This is because they generally generate one charge carrier for each photon received. Thus the electrical current is proportional to the optical power. And the electrical power, being proportional to the square of current, is proportional to the square of the optical power.

There are some variations. In any detector, not every incident photon generates a carrier, so the quantum efficiency must be taken into account. In a APD or photomultiplier, the generated carrier triggers an electrical gain mechanism, resulting in an effective response greater than one carrier per photon.

Lets assume we transmit with 20mw optical power, and we receive 10mw in optical power at the photo-diode. What is this 10mw equivalent to in terms of electrical power.

You need to multiply by the responsivity of the detector to get the photocurrent.

$$I = P_o R$$

where $P_o$ is the incident optical power.

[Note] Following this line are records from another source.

Definition d_merge_last (ns u : seq nat) (x : nat) : fsum R basisF :=
  [seq (sgn R (x - 2 - r), (merge_at ns (sumn u + r)%N, rcons u (x - 1)%N))
  | r <- iota 0 (x - 1)%N].

Definition d_split_last (ns u : seq nat) (x : nat) : fsum R basisF :=
  [seq (sgn R (x - a), (ns, u ++ [:: a; (x - a)%N])) | a <- iota 1 (x - 1)%N].

Lemma sgn0 : sgn R 0 = 1. Proof. by rewrite /sgn expr0. Qed.
Lemma sgnS n : sgn R n.+1 = -1 * sgn R n. Proof. by rewrite /sgn exprS. Qed.
Lemma sgnD m n : sgn R (m + n) = sgn R m * sgn R n. Proof. by rewrite /sgn exprD. Qed.

Lemma cat2 (T : Type) (u : seq T) a b : u ++ [:: a; b] = rcons (rcons u a) b.
Proof. by rewrite -!cats1 -catA. Qed.

Lemma dF_rcons ns u x :
  dF R (ns, rcons u x) =
  fscale (sgn R (x - 1)) (fmap (append_factor x) (dF R (ns, u)))
  ++ (d_merge_last ns u x ++ d_split_last ns u x).
Proof.
rewrite /dF /= size_rcons -(addn1 (size u)) iotaD map_cat flatten_cat /= add0n cats0.
congr (_ ++ _).
  rewrite /fmap /fscale !map_flatten -!map_comp; congr flatten.
  apply/eq_in_map => s; rewrite mem_iota add0n => /andP [_ hs] /=.
  rewrite nth_rcons hs -cats1 takel_cat ?(ltnW hs) // cats1 drop_rcons //.
  rewrite map_rcons sumn_rcons sgnD !map_cat -!map_comp; congr (_ ++ _).
    by apply: eq_map => r /=; rewrite /append_factor /= rcons_cat; congr (_, _); ring.
  by apply: eq_map => a /=; rewrite /append_factor /= rcons_cat; congr (_, _); ring.
rewrite nth_rcons ltnn eqxx -cats1 takel_cat // take_size drop_oversize ?size_cat ?addn1 //=.
by rewrite sgn0 /d_merge_last /d_split_last; congr (_ ++ _); apply: eq_map => r /=;
  rewrite ?mul1r ?cats1.
Qed.

Lemma hF_last1 ns v a :
  hF R (ns, rcons (rcons v a) 1%N) = [:: (1, (ns, rcons v a.+1))].
Proof.
rewrite /hF /= !size_rcons last_rcons eqxx /= !subSS subn0.
by rewrite -!cats1 -catA take_size_cat // nth_cat ltnn subnn.
Qed.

The responsivity is given by

$$R = \frac{\eta q}{h \nu}$$

where $\eta$ is the quantum efficiency of the device, $q$ is the electron charge, $h$ is Planck's constant, and $\nu$ is the frequency of the incident light. Generally, $\eta$ will be a frequency-dependent parameter.

To get the electrical power generated, you need to multiply the photocurrent by the potential difference across the detector.

Generally, the electrical power is not a primary concern when analyzing receivers in telecommunications (although it is fundamental to the definition of signal-to-noise ratio). However, solar cells work on the same principle, and there electrical power output is of course the primary goal.

X denotes the electrical signal-to-noise ratio (which is proportional to the square of the received optical power Pr)

This is true when the dominant source of noise in the receiver is from the receiver amplifier (so the noise term is constant and only the signal term varies), which is a very common, but not universal, situation.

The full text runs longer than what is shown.